=== Data supplied ===
........

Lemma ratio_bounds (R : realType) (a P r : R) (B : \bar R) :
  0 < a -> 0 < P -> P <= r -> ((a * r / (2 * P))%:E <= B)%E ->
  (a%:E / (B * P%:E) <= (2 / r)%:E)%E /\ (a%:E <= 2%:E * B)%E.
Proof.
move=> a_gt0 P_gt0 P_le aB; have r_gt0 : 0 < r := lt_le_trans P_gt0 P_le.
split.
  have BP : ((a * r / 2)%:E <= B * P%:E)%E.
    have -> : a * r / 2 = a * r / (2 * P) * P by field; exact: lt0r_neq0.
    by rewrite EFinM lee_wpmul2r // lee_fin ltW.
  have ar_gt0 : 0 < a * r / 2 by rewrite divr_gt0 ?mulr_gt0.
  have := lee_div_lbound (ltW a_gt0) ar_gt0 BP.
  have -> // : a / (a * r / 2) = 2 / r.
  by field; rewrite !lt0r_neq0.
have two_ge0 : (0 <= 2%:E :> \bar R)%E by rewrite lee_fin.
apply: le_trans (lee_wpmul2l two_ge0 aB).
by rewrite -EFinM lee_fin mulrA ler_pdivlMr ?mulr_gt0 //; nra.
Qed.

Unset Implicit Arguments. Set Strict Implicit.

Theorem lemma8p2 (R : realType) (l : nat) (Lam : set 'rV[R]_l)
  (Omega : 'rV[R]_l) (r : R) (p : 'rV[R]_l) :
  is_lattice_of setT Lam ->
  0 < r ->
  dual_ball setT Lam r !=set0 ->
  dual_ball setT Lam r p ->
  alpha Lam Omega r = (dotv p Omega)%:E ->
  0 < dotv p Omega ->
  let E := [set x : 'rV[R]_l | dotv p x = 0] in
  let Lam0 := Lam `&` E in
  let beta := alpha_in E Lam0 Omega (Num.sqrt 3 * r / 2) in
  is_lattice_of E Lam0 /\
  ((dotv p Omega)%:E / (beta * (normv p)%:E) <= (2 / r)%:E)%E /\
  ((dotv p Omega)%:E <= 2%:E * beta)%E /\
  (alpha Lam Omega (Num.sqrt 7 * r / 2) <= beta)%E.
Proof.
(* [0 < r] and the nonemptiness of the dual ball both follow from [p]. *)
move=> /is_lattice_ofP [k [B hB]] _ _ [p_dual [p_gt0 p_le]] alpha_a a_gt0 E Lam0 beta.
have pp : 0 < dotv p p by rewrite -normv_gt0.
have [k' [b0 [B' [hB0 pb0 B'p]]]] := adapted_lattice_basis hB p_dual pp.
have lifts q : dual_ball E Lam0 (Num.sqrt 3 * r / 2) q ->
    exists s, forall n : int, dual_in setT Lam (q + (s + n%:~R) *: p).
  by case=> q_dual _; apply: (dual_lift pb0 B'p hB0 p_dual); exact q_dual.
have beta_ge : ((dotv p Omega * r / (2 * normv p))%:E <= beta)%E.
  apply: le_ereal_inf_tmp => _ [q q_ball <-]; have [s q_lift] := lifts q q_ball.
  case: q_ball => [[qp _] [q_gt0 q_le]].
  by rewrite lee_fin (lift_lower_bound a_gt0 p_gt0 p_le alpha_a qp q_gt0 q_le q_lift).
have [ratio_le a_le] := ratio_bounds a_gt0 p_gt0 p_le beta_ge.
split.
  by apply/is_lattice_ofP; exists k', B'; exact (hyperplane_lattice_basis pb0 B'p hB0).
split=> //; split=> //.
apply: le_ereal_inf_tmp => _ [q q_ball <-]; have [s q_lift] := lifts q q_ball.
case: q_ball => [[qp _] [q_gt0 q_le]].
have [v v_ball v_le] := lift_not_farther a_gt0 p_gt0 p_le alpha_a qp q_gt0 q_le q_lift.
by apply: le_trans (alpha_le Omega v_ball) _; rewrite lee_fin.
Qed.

........

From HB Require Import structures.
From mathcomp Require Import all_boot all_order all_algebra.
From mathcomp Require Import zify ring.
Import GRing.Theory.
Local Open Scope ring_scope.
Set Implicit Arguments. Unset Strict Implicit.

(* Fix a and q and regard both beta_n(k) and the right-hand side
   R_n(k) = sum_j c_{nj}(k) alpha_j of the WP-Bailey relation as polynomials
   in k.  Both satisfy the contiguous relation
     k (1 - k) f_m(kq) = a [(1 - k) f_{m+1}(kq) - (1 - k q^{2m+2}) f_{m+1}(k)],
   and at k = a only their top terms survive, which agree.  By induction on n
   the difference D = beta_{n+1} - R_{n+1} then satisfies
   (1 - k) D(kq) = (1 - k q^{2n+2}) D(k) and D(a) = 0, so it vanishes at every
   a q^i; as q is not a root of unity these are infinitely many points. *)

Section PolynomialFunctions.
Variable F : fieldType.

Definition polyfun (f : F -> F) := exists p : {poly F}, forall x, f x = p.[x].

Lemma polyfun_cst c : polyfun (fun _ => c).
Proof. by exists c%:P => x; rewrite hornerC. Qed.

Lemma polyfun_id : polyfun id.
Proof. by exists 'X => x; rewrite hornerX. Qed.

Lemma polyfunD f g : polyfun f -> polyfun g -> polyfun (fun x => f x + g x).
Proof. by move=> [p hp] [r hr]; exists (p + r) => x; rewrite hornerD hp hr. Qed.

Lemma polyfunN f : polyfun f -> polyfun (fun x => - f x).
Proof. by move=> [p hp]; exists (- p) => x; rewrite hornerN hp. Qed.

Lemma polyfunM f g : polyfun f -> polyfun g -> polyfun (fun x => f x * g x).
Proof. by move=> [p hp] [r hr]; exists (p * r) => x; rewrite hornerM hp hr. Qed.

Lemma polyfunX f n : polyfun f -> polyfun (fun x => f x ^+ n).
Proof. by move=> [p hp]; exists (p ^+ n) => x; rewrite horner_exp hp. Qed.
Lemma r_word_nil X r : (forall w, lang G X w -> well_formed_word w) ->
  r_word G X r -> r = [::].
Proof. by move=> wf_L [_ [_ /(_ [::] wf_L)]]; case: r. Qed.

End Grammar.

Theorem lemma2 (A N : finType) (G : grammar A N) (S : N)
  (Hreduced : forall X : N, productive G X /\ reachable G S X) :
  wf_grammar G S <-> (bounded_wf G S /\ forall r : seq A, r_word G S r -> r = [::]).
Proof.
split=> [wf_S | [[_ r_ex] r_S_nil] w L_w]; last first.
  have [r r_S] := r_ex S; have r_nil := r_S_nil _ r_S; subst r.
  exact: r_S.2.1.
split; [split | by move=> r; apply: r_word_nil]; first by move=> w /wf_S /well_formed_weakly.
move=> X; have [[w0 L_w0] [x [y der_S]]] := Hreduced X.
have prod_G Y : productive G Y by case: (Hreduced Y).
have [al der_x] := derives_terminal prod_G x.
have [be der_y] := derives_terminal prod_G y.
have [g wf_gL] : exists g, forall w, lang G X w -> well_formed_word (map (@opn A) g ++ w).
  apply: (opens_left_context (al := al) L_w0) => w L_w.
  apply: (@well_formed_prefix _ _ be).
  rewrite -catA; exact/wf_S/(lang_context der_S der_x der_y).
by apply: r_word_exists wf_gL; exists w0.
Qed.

........

=== Instructions for the task ===
All that should be written out is the stretch of lines above between the one holding "Section PolynomialFunctions." and the one holding "End Grammar.", inclusive, exactly as given.

=== Result ===
Section PolynomialFunctions.
Variable F : fieldType.

Definition polyfun (f : F -> F) := exists p : {poly F}, forall x, f x = p.[x].

Lemma polyfun_cst c : polyfun (fun _ => c).
Proof. by exists c%:P => x; rewrite hornerC. Qed.

Lemma polyfun_id : polyfun id.
Proof. by exists 'X => x; rewrite hornerX. Qed.

Lemma polyfunD f g : polyfun f -> polyfun g -> polyfun (fun x => f x + g x).
Proof. by move=> [p hp] [r hr]; exists (p + r) => x; rewrite hornerD hp hr. Qed.

Lemma polyfunN f : polyfun f -> polyfun (fun x => - f x).
Proof. by move=> [p hp]; exists (- p) => x; rewrite hornerN hp. Qed.

Lemma polyfunM f g : polyfun f -> polyfun g -> polyfun (fun x => f x * g x).
Proof. by move=> [p hp] [r hr]; exists (p * r) => x; rewrite hornerM hp hr. Qed.

Lemma polyfunX f n : polyfun f -> polyfun (fun x => f x ^+ n).
Proof. by move=> [p hp]; exists (p ^+ n) => x; rewrite horner_exp hp. Qed.
Lemma r_word_nil X r : (forall w, lang G X w -> well_formed_word w) ->
  r_word G X r -> r = [::].
Proof. by move=> wf_L [_ [_ /(_ [::] wf_L)]]; case: r. Qed.

End Grammar.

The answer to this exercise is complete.